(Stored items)
◇ ◇ ◇ ◇ ◇ ◇ ◇

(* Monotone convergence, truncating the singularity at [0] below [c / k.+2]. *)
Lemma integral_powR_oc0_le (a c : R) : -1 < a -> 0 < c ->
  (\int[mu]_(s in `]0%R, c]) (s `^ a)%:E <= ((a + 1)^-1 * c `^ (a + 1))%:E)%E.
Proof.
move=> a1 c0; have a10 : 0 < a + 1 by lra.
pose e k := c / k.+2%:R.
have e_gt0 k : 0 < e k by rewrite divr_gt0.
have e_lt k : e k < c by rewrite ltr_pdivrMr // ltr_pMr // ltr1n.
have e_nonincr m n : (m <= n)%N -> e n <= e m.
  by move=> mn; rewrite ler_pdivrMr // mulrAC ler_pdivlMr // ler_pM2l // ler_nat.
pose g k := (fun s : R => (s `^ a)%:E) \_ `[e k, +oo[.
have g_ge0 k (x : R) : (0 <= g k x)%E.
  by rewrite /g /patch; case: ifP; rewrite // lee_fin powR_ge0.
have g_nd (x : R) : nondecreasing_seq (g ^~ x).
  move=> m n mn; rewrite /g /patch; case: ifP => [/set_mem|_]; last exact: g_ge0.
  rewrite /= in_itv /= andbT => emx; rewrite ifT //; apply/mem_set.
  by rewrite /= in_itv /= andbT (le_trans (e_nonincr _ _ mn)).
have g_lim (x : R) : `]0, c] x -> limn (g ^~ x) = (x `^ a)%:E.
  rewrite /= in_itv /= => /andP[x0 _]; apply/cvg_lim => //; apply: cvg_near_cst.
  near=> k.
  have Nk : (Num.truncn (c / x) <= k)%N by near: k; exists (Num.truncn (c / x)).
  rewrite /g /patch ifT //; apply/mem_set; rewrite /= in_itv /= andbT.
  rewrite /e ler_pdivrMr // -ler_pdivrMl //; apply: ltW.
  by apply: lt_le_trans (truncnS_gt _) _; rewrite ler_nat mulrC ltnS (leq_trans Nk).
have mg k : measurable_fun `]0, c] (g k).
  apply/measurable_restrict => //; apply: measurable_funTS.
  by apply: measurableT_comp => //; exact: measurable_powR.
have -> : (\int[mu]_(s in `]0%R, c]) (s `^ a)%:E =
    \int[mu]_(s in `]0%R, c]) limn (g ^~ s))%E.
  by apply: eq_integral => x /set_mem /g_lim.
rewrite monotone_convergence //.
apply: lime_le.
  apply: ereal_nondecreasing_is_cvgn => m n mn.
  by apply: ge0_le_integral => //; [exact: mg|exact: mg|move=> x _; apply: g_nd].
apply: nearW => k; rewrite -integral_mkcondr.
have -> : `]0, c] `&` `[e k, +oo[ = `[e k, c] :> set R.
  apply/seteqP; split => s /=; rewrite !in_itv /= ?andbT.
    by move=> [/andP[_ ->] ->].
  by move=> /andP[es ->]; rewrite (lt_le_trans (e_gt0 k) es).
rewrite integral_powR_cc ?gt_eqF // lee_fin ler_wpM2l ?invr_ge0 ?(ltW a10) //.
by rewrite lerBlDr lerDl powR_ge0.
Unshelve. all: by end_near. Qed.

◇ ◇ ◇ ◇ ◇ ◇ ◇

■ PROBLEM ■
Write out exactly the lines between the start of the entries and the line containing "by rewrite /= in_itv", including that line and the first one.

■ WRITTEN SOLUTION ■
(* Monotone convergence, truncating the singularity at [0] below [c / k.+2]. *)
Lemma integral_powR_oc0_le (a c : R) : -1 < a -> 0 < c ->
  (\int[mu]_(s in `]0%R, c]) (s `^ a)%:E <= ((a + 1)^-1 * c `^ (a + 1))%:E)%E.
Proof.
move=> a1 c0; have a10 : 0 < a + 1 by lra.
pose e k := c / k.+2%:R.
have e_gt0 k : 0 < e k by rewrite divr_gt0.
have e_lt k : e k < c by rewrite ltr_pdivrMr // ltr_pMr // ltr1n.
have e_nonincr m n : (m <= n)%N -> e n <= e m.
  by move=> mn; rewrite ler_pdivrMr // mulrAC ler_pdivlMr // ler_pM2l // ler_nat.
pose g k := (fun s : R => (s `^ a)%:E) \_ `[e k, +oo[.
have g_ge0 k (x : R) : (0 <= g k x)%E.
  by rewrite /g /patch; case: ifP; rewrite // lee_fin powR_ge0.
have g_nd (x : R) : nondecreasing_seq (g ^~ x).
  move=> m n mn; rewrite /g /patch; case: ifP => [/set_mem|_]; last exact: g_ge0.
  rewrite /= in_itv /= andbT => emx; rewrite ifT //; apply/mem_set.
  by rewrite /= in_itv /= andbT (le_trans (e_nonincr _ _ mn)).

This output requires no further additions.